Thailand’s strong AI enthusiasm presents significant opportunities for businesses, but success requires balancing innovation with transparency, responsibility, and human-centered approaches to address legitimate concerns about privacy, bias, and workforce disruption.
Essentially, Thais see AI as a proven driver of progress that is already improving their lives, which fosters a stronger belief in its future potential despite simultaneous concerns about job displacement and data privacy. According to the Ipsos AI Monitor 2026 report, 64% of Thai workers believe AI could replace their current job within the next five years. This places Thailand among the countries where concerns about job displacement are most pronounced.
Key factors driving this optimism include:
- Proven Productivity: 80% of employed Thais report that AI tools have saved them time at work in the past year, significantly higher than the global average of 62%. This immediate efficiency gain reinforces the belief that AI is a force for positive change.
- Perceived Benefits Outweigh Risks: 74% of Thais believe AI products offer more benefits than drawbacks, compared to 55% globally.
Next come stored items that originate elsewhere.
(* In the MHAV setting described in the context, suppose there is $b>0$ such that for all $\lambda\in\Lambda$ and all $y,y'\in Y$ with $\phi_Y(y,y')>0$, $$\frac{\bar\Pi(\lambda,y')\,\phi_Y(y',y)}{\bar\Pi(\lambda,y)\,\phi_Y(y,y')}>b.$$ Then the Markov kernel $\bar P_{\mathrm{MH}}$ on $\Lambda\times Y$ is irreducible and aperiodic.
   Context: MHAV setting: $Y$ is a finite nonempty set, $f:Y\to\mathbb{R}$; $\Lambda=\{\lambda_1<\lambda_2<\dots<\lambda_n\}$ is a finite set of positive reals with $n\ge2$; $\bar\Pi(\lambda,y)=\lambda^{-f(y)}/Z$ on $\Lambda\times Y$ with $Z=\sum_{\lambda,y}\lambda^{-f(y)}$. $\phi_Y$ is an irreducible Markov kernel on $Y$. For $\alpha'\in(0,1)$, $\phi_\Lambda$ is the kernel on $\Lambda$ with $\phi_\Lambda(\lambda_1,\lambda_2)=1$, $\phi_\Lambda(\lambda_n,\lambda_{n-1})=1$, and for $1<i<n$, $\phi_\Lambda(\lambda_i,\lambda_{i+1})=\alpha'$, $\phi_\Lambda(\lambda_i,\lambda_{i-1})=1-\alpha'$, all other entries $0$. For $\alpha,\beta\in(0,1)$ with $\alpha+\beta<1$, the proposal $\bar\phi$ on $\Lambda\times Y$ is $\bar\phi[(\lambda,y),(\lambda',y')]=\alpha\phi_\Lambda(\lambda,\lambda')$ if $\lambda\ne\lambda',y=y'$; $=\beta\phi_Y(y,y')$ if $\lambda=\lambda',y\ne y'$; $=(1-\alpha-\beta)+\beta\phi_Y(y,y)$ if $\lambda=\lambda',y=y'$; and $=0$ if $\lambda\ne\lambda',y\ne y'$. The acceptance probability is $\bar{\mathsf{Acc}}(x,x')=\min\{1,\frac{\bar\phi(x',x)\bar\Pi(x')}{\bar\phi(x,x')\bar\Pi(x)}\}$ and $\bar P_{\mathrm{MH}}(x,x')=\bar\phi(x,x')\bar{\mathsf{Acc}}(x,x')$ for $x\ne x'$, $\bar P_{\mathrm{MH}}(x,x)=1-\sum_{x'\ne x}\bar\phi(x,x')\bar{\mathsf{Acc}}(x,x')$. *)

From HB Require Import structures.
From mathcomp Require Import all_boot all_order all_algebra.
From mathcomp Require Import reals exp.
Set Implicit Arguments. Unset Strict Implicit. Unset Printing Implicit Defensive.
Import Order.TTheory GRing.Theory Num.Theory.
Local Open Scope ring_scope.

Section Kernels.
Variables (R : realType) (T : finType).

Fixpoint kpow (K : T -> T -> R) (m : nat) (x y : T) : R :=
  match m with
  | 0%N => (x == y)%:R
  | m'.+1 => \sum_(z : T) K x z * kpow K m' z y
  end.

Definition markov_kernel (K : T -> T -> R) : Prop :=
  (forall x y, 0 <= K x y) /\ (forall x, \sum_(y : T) K x y = 1).

Definition irreducible (K : T -> T -> R) : Prop :=
  forall x y, exists m : nat, 0 < kpow K m x y.

(* aperiodic: for every x, gcd{ m >= 1 : K^m(x,x) > 0 } = 1, i.e. the only
   common divisor of all return times is 1 *)
Definition aperiodic (K : T -> T -> R) : Prop :=
  forall x (d : nat),
    (forall m : nat, (0 < m)%N -> 0 < kpow K m x x -> (d %| m)%N) -> d = 1%N.
End Kernels.

Section MHAV.
Variables (R : realType) (Y : finType) (n : nat) (lam : 'I_n -> R) (f : Y -> R).

Definition piw (x : 'I_n * Y) : R := powR (lam x.1) (- f x.2).
Definition Zc : R := \sum_(x : 'I_n * Y) piw x.
Definition Pibar (x : 'I_n * Y) : R := piw x / Zc.

(* phi_Lambda on indices 0..n-1 (lambda_{i+1} <-> index i) *)
Definition phiL (alpha' : R) (i j : 'I_n) : R :=
  if val i == 0%N then (val j == 1%N)%:R
  else if val i == n.-1 then (val j == n.-2)%:R
  else if val j == (val i).+1 then alpha'
  else if (val j).+1 == val i then 1 - alpha'
  else 0.

Definition phibar (phiY : Y -> Y -> R) (alpha' alpha beta : R)
    (x x' : 'I_n * Y) : R :=
  if (x.1 != x'.1) && (x.2 == x'.2) then alpha * phiL alpha' x.1 x'.1
  else if (x.1 == x'.1) && (x.2 != x'.2) then beta * phiY x.2 x'.2
  else if (x.1 == x'.1) && (x.2 == x'.2) then (1 - alpha - beta) + beta * phiY x.2 x.2
  else 0.

Definition Accbar phiY alpha' alpha beta (x x' : 'I_n * Y) : R :=
  Num.min 1 ((phibar phiY alpha' alpha beta x' x * Pibar x') /
             (phibar phiY alpha' alpha beta x x' * Pibar x)).

Definition PMH phiY alpha' alpha beta (x x' : 'I_n * Y) : R :=
  if x != x' then phibar phiY alpha' alpha beta x x' * Accbar phiY alpha' alpha beta x x'
  else 1 - \sum_(z : 'I_n * Y | z != x)
             phibar phiY alpha' alpha beta x z * Accbar phiY alpha' alpha beta x z.
End MHAV.

From HB Require Import structures.
From mathcomp Require Import all_boot all_order all_algebra.
From mathcomp Require Import reals exp.
From mathcomp Require Import zify.
Import Order.TTheory GRing.Theory Num.Theory.
Local Open Scope ring_scope.
Set Implicit Arguments. Unset Strict Implicit. Unset Printing Implicit Defensive.

(* A transition of the Metropolis-Hastings kernel is possible as soon as the
   proposal is possible in both directions.  A neighbour move in [Lambda] is
   always proposable both ways, and by the hypothesis on [b] so is every
   possible move of [phi_Y]; hence the transition graph contains every
   [Lambda]-ladder and a copy of the graph of [phi_Y] in each [Lambda]-slice,
   and it is strongly connected.  Aperiodicity comes from laziness: the
   off-diagonal proposal mass is at most [alpha + beta < 1]. *)

Definition pos_rel (R : numDomainType) (T : finType) (K : T -> T -> R) : rel T :=
  fun x y => 0 < K x y.

Lemma connect_homo (T T' : finType) (e : rel T) (e' : rel T') (h : T -> T') :
  {homo h : x y / e x y >-> connect e' x y} ->
  {homo h : x y / connect e x y >-> connect e' x y}.
Proof.
move=> he x y /connectP[p]; elim: p x => [|z p IH] x /=.
  by move=> _ ->; exact: connect0.
by case/andP=> exz pz ylast; exact: connect_trans (he _ _ exz) (IH z pz ylast).
Qed.

Lemma sum_mul_indicator (R : nmodType) (T : finType) (c : T -> R) (a : T) :
  \sum_t c t *+ (t == a) = c a.
Proof. by under eq_bigr do rewrite mulrb; rewrite -big_mkcond big_pred1_eq. Qed.

Lemma sum_ord_inj_eq_le1 (R : numDomainType) (n : nat) (g : nat -> nat) (k : nat) :
  injective g -> \sum_(j < n) (g (val j) == k)%:R <= 1 :> R.
Proof.
move=> g_inj; case: (pickP (fun j : 'I_n => g j == k)) => [j /eqP gj|none].
  rewrite (bigD1 j) //= gj eqxx big1 ?addr0 // => i ij.
  by rewrite -gj (inj_eq g_inj) val_eqE (negbTE ij).
by rewrite big1 // => j _; rewrite none.
Qed.

Section KernelGraph.
Variables (R : realType) (T : finType) (K : T -> T -> R).

Lemma kpow1 x y : kpow K 1 x y = K x y.
Proof. by rewrite /= (eq_bigr _ (fun z _ => mulr_natr _ _)) sum_mul_indicator. Qed.

Lemma aperiodic_diag_gt0 : (forall x, 0 < K x x) -> aperiodic K.
Proof.
move=> diag_gt0 x d hd; apply/eqP; rewrite -dvdn1; apply: hd => //.
by rewrite kpow1 diag_gt0.
Qed.

Hypothesis K_ge0 : forall x y, 0 <= K x y.

Lemma kpow_ge0 m x y : 0 <= kpow K m x y.
Proof.
elim: m x y => [|m IH] x y /=; first by rewrite ler0n.
by apply: sumr_ge0 => z _; apply: mulr_ge0.
Qed.

Lemma kpowS_gt0 m x y z :
  0 < K x y -> 0 < kpow K m y z -> 0 < kpow K m.+1 x z.
Proof.
move=> Kxy Kyz /=; rewrite (bigD1 y) //=.
apply: (lt_le_trans (mulr_gt0 Kxy Kyz)); rewrite lerDl.
by apply: sumr_ge0 => w _; apply: mulr_ge0 => //; apply: kpow_ge0.
Qed.

Lemma connect_kpowP x y :
  reflect (exists m, 0 < kpow K m x y) (connect (pos_rel K) x y).
Proof.
apply: (iffP connectP) => [[p]|[m]].
  elim: p x => [|z p IH] x /=; first by move=> _ ->; exists 0%N; rewrite /= eqxx ltr01.
  case/andP=> Kxz pz ylast; have [m Kzy] := IH z pz ylast.
  by exists m.+1; apply: kpowS_gt0 Kxz Kzy.
elim: m x => [|m IH] x /=.
  by case: eqVneq => [->|]; [exists [::] | rewrite ltxx].
move=> /gt_eqF/negbT/eqP/psumr_neq0P[z|z].
  by move=> _; apply: mulr_ge0 => //; apply: kpow_ge0.
rewrite /= mulr_ge0_gt0 ?kpow_ge0 // => /andP[Kxz /IH[p pz ylast]].
by exists (z :: p); rewrite //= [pos_rel _ _ _]Kxz.
Qed.

Lemma irreducible_connect :
  irreducible K <-> forall x y, connect (pos_rel K) x y.
Proof. by split=> h x y; apply/connect_kpowP. Qed.

End KernelGraph.

Section MetropolisHastings.
Variables (R : realType) (Y : finType) (f : Y -> R) (n : nat) (lam : 'I_n -> R)
  (phiY : Y -> Y -> R) (alpha' alpha beta : R).
Hypothesis lam_gt0 : forall i, 0 < lam i.
Hypothesis phiY_ge0 : forall y y', 0 <= phiY y y'.
Hypothesis phiY_sum1 : forall y, \sum_y' phiY y y' = 1.
Hypothesis alpha'_gt0 : 0 < alpha'.
Hypothesis alpha'_lt1 : alpha' < 1.
Hypothesis alpha_gt0 : 0 < alpha.
Hypothesis beta_gt0 : 0 < beta.
Hypothesis alpha_beta_lt1 : alpha + beta < 1.

Local Notation Q := (@phibar R Y n phiY alpha' alpha beta).
Local Notation Acc := (Accbar lam f phiY alpha' alpha beta).
Local Notation P := (PMH lam f phiY alpha' alpha beta).

Lemma Pibar_gt0 x : 0 < Pibar lam f x.
Proof.
have piw_gt0 z : 0 < piw lam f z by apply: powR_gt0.
rewrite /Pibar divr_gt0 // /Zc (bigD1 x) //=.
apply: (lt_le_trans (piw_gt0 x)); rewrite lerDl.
by apply: sumr_ge0 => z _; exact: ltW.
Qed.

Lemma phiL_ge0 (i j : 'I_n) : 0 <= phiL alpha' i j.
Proof.
rewrite /phiL; case: ifP => _; first by rewrite ler0n.
case: ifP => _; first by rewrite ler0n.
case: ifP => _; first exact: ltW.
by case: ifP => _ //; rewrite subr_ge0 ltW.
Qed.

Lemma phiL_sum_le1 (i : 'I_n) : \sum_j phiL alpha' i j <= 1.
Proof.
have sum_eq_le1 k : \sum_(j < n) (val j == k)%:R <= 1 :> R.
  exact: (@sum_ord_inj_eq_le1 _ _ id _ (@inj_id nat)).
rewrite /phiL; case: (val i == 0%N) => /=; first exact: sum_eq_le1.
case: (val i == n.-1) => /=; first exact: sum_eq_le1.
have alpha'_ge0 : 0 <= alpha' by exact: ltW.
have alpha'_le1 : 0 <= 1 - alpha' by rewrite subr_ge0 ltW.
apply: (le_trans (y := \sum_(j : 'I_n) (alpha' * (val j == (val i).+1)%:R
                              + (1 - alpha') * ((val j).+1 == val i)%:R))).
  apply: ler_sum => j _; case: eqP => _.
    by rewrite mulr1 lerDl mulr_ge0 ?ler0n.
  by case: eqP => _; rewrite mulr0 add0r ?mulr1 // mulr0.
rewrite big_split /= -!mulr_sumr.
apply: (@le_trans _ _ (alpha' + (1 - alpha'))); last by rewrite addrC subrK.
rewrite lerD // ler_piMr ?sum_eq_le1 //.
exact: (@sum_ord_inj_eq_le1 _ _ succn _ succn_inj).
Qed.

Lemma phibar_ge0 x x' : 0 <= Q x x'.
Proof.
rewrite /phibar; case: ifP => _; first by rewrite mulr_ge0 ?phiL_ge0 ?ltW.
case: ifP => _; first by rewrite mulr_ge0 ?phiY_ge0 ?ltW.
case: ifP => _ //; rewrite addr_ge0 ?mulr_ge0 ?phiY_ge0 ?ltW //.
by rewrite -addrA -opprD subr_gt0.
Qed.

Lemma Accbar_ge0 x x' : 0 <= Acc x x'.
Proof.
rewrite /Accbar le_min ler01 /=; apply: divr_ge0; apply: mulr_ge0;
  by rewrite ?phibar_ge0 // ltW // Pibar_gt0.
Qed.

Lemma Accbar_le1 x x' : Acc x x' <= 1.
Proof. by rewrite /Accbar ge_min lexx. Qed.

Lemma PMH_gt0 x x' : x != x' -> 0 < Q x x' -> 0 < Q x' x -> 0 < P x x'.
Proof.
move=> neq Qxx' Qx'x; rewrite /PMH neq mulr_gt0 // /Accbar lt_min ltr01 /=.
by rewrite divr_gt0 // mulr_gt0 // Pibar_gt0.
Qed.

Lemma phibar_offdiag (i : 'I_n) y z : z != (i, y) ->
  Q (i, y) z = alpha * phiL alpha' i z.1 *+ (z.2 == y) + beta * phiY y z.2 *+ (z.1 == i).
Proof.
case: z => j y'; rewrite xpair_eqE negb_and /phibar /=.
case: (eqVneq j i) => [->|ji]; case: (eqVneq y' y) => [->|y'y] //=;
  by rewrite ?eqxx //= => _; rewrite ?mulr0n ?mulr1n ?add0r ?addr0.
Qed.

Lemma phibar_offdiag_sum_le x : \sum_(z | z != x) Q x z <= alpha + beta.
Proof.
case: x => i y.
pose g z := alpha * phiL alpha' i z.1 *+ (z.2 == y) + beta * phiY y z.2 *+ (z.1 == i).
have g_ge0 z : 0 <= g z.
  by rewrite /g addr_ge0 ?mulrn_wge0 ?mulr_ge0 ?phiL_ge0 ?phiY_ge0 ?ltW.
have pair_sum (F : 'I_n * Y -> R) : \sum_z F z = \sum_j \sum_y' F (j, y').
  by rewrite pair_bigA; apply: eq_bigr => -[].
rewrite (eq_bigr g) => [|z /phibar_offdiag //].
apply: (le_trans (y := \sum_z g z)).
  by rewrite [leRHS](bigD1 (i, y)) //= lerDr g_ge0.
rewrite /g big_split !pair_sum /=.
rewrite (eq_bigr _ (fun j _ => sum_mul_indicator (fun _ => alpha * phiL alpha' i j) y)).
rewrite exchange_big (eq_bigr _ (fun y' _ => sum_mul_indicator (fun _ => beta * phiY y y') i)).
by rewrite -!mulr_sumr phiY_sum1 mulr1 lerD2r ler_piMr ?phiL_sum_le1 ?ltW.
Qed.

Lemma PMH_diag_gt0 x : 0 < P x x.
Proof.
rewrite /PMH eqxx /= subr_gt0; apply: (le_lt_trans _ alpha_beta_lt1).
apply: le_trans (phibar_offdiag_sum_le x); apply: ler_sum => z _.
by rewrite ler_piMr ?phibar_ge0 ?Accbar_le1.
Qed.

Lemma PMH_ge0 x x' : 0 <= P x x'.
Proof.
case: (eqVneq x x') => [<-|neq]; first exact/ltW/PMH_diag_gt0.
by rewrite /PMH neq mulr_ge0 ?phibar_ge0 ?Accbar_ge0.
Qed.

Lemma phiL_succ_gt0 (i j : 'I_n) :
  val j = (val i).+1 -> 0 < phiL alpha' i j /\ 0 < phiL alpha' j i.
Proof.
have jn := ltn_ord j.
move=> /= ji; rewrite /phiL /= ji; split.
  case: eqP => [->|_]; first by rewrite ltr0n.
  by case: eqP => [/= ilast|_]; [exfalso; lia | rewrite eqxx].
case: eqP => [/= ?|_]; first by exfalso; lia.
case: eqP => [/= jlast|_].
  by have -> : nat_of_ord i == n.-2 by apply/eqP; lia.
case: eqP => [/= iSSi|_]; first by exfalso; lia.
by rewrite eqxx subr_gt0.
Qed.

Lemma PMH_lam_gt0 (i j : 'I_n) y :
  val j = (val i).+1 -> 0 < P (i, y) (j, y) /\ 0 < P (j, y) (i, y).
Proof.
move=> ji; have [Lij Lji] := phiL_succ_gt0 ji.
have ij : i != j by apply/eqP => ij; move: ji; rewrite ij; lia.
have neq : (i, y) != (j, y) by rewrite xpair_eqE negb_and ij.
have Qij : 0 < Q (i, y) (j, y) by rewrite /phibar /= ij eqxx mulr_gt0.
have Qji : 0 < Q (j, y) (i, y) by rewrite /phibar /= eq_sym ij eqxx mulr_gt0.
by split; apply: PMH_gt0; rewrite // eq_sym.
Qed.

Variable b : R.
Hypothesis b_gt0 : 0 < b.
Hypothesis ratio_gt : forall (i : 'I_n) (y y' : Y), 0 < phiY y y' ->
  (Pibar lam f (i, y') * phiY y' y) / (Pibar lam f (i, y) * phiY y y') > b.

Lemma PMH_Y_gt0 i y y' : y != y' -> 0 < phiY y y' -> 0 < P (i, y) (i, y').
Proof.
move=> yy' Kyy'.
have Ky'y : 0 < phiY y' y.
  rewrite lt_def phiY_ge0 andbT; apply/eqP => Ky'y0.
  by have := ratio_gt i Kyy'; rewrite Ky'y0 mulr0 mul0r => /(lt_trans b_gt0); rewrite ltxx.
have neq : (i, y) != (i, y') by rewrite xpair_eqE negb_and yy' orbT.
apply: PMH_gt0 => //; rewrite /phibar /= eqxx /=.
  by rewrite yy' mulr_gt0.
by rewrite eq_sym yy' mulr_gt0.
Qed.

Lemma connect_PMH_lam y (i j : 'I_n) : connect (pos_rel P) (i, y) (j, y).
Proof.
have n_gt0 : (0 < n)%N := leq_ltn_trans (leq0n _) (ltn_ord i).
pose i0 := Ordinal n_gt0.
suff ladder k : connect (pos_rel P) (i0, y) (k, y) /\ connect (pos_rel P) (k, y) (i0, y).
  by have [_ i_i0] := ladder i; have [i0_j _] := ladder j; exact: connect_trans i_i0 i0_j.
case: k => m; elim: m => [|m IH] mn.
  by split; apply: eq_connect0; congr pair; apply: val_inj.
have [up down] := @PMH_lam_gt0 (Ordinal (ltnW mn)) (Ordinal mn) y erefl.
have [IH1 IH2] := IH (ltnW mn).
by split; [exact: connect_trans IH1 (connect1 up) | exact: connect_trans (connect1 down) IH2].
Qed.

Lemma connect_PMH_Y i y y' :
  connect (pos_rel phiY) y y' -> connect (pos_rel P) (i, y) (i, y').
Proof.
apply: (connect_homo (h := pair i)) => {}y {}y' Kyy'.
case: (eqVneq y y') => [->|yy']; first exact: connect0.
exact/connect1/PMH_Y_gt0.
Qed.

Lemma irreducible_PMH : irreducible phiY -> irreducible P.
Proof.
move=> /(irreducible_connect phiY_ge0) phiY_conn.
apply/(irreducible_connect PMH_ge0) => -[i y] [j y'].
exact: connect_trans (connect_PMH_lam y i j) (connect_PMH_Y j (phiY_conn y y')).
Qed.

Lemma aperiodic_PMH : aperiodic P.
Proof. exact: aperiodic_diag_gt0 PMH_diag_gt0. Qed.

End MetropolisHastings.

Theorem lemma14 (R : realType) (Y : finType) (y0 : Y) (f : Y -> R)
    (n : nat) (lam : 'I_n -> R) (phiY : Y -> Y -> R) (alpha' alpha beta b : R) :
  (2 <= n)%N ->
  (forall i, 0 < lam i) ->
  (forall i j : 'I_n, (val i < val j)%N -> lam i < lam j) ->
  markov_kernel phiY -> irreducible phiY ->
  0 < alpha' < 1 -> 0 < alpha < 1 -> 0 < beta < 1 -> alpha + beta < 1 ->
  0 < b ->
  (forall (i : 'I_n) (y y' : Y), 0 < phiY y y' ->
     (Pibar lam f (i, y') * phiY y' y) / (Pibar lam f (i, y) * phiY y y') > b) ->
  irreducible (PMH lam f phiY alpha' alpha beta) /\
  aperiodic (PMH lam f phiY alpha' alpha beta).
Proof.
move=> _ lam_gt0 _ [phiY_ge0 phiY_sum1] phiY_irr /andP[alpha'_gt0 alpha'_lt1]
  /andP[alpha_gt0 _] /andP[beta_gt0 _] alpha_beta_lt1 b_gt0 ratio_gt.
split; last exact: aperiodic_PMH.
exact: irreducible_PMH ratio_gt phiY_irr.
Qed.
They are also more likely to agree that AI’s societal benefits outweigh its environmental costs (69% vs. 49% globally).
- Deep Integration: AI is already deeply embedded in everyday Thai experiences, from banking and shopping to customer service and content recommendations. Nearly three-quarters (72%) say AI has profoundly changed their daily lives in the last 3–5 years, compared to 54% globally.
- Regional Trend: This optimism aligns with a broader trend across the Asia-Pacific region, where countries tend to be more positive about AI’s potential compared to many nations in Europe and North America.
Thais are more optimistic about AI than the global average primarily because they have already experienced its tangible benefits in their daily lives and workplace, leading them to view it as a practical tool for improvement rather than a distant or abstract technology.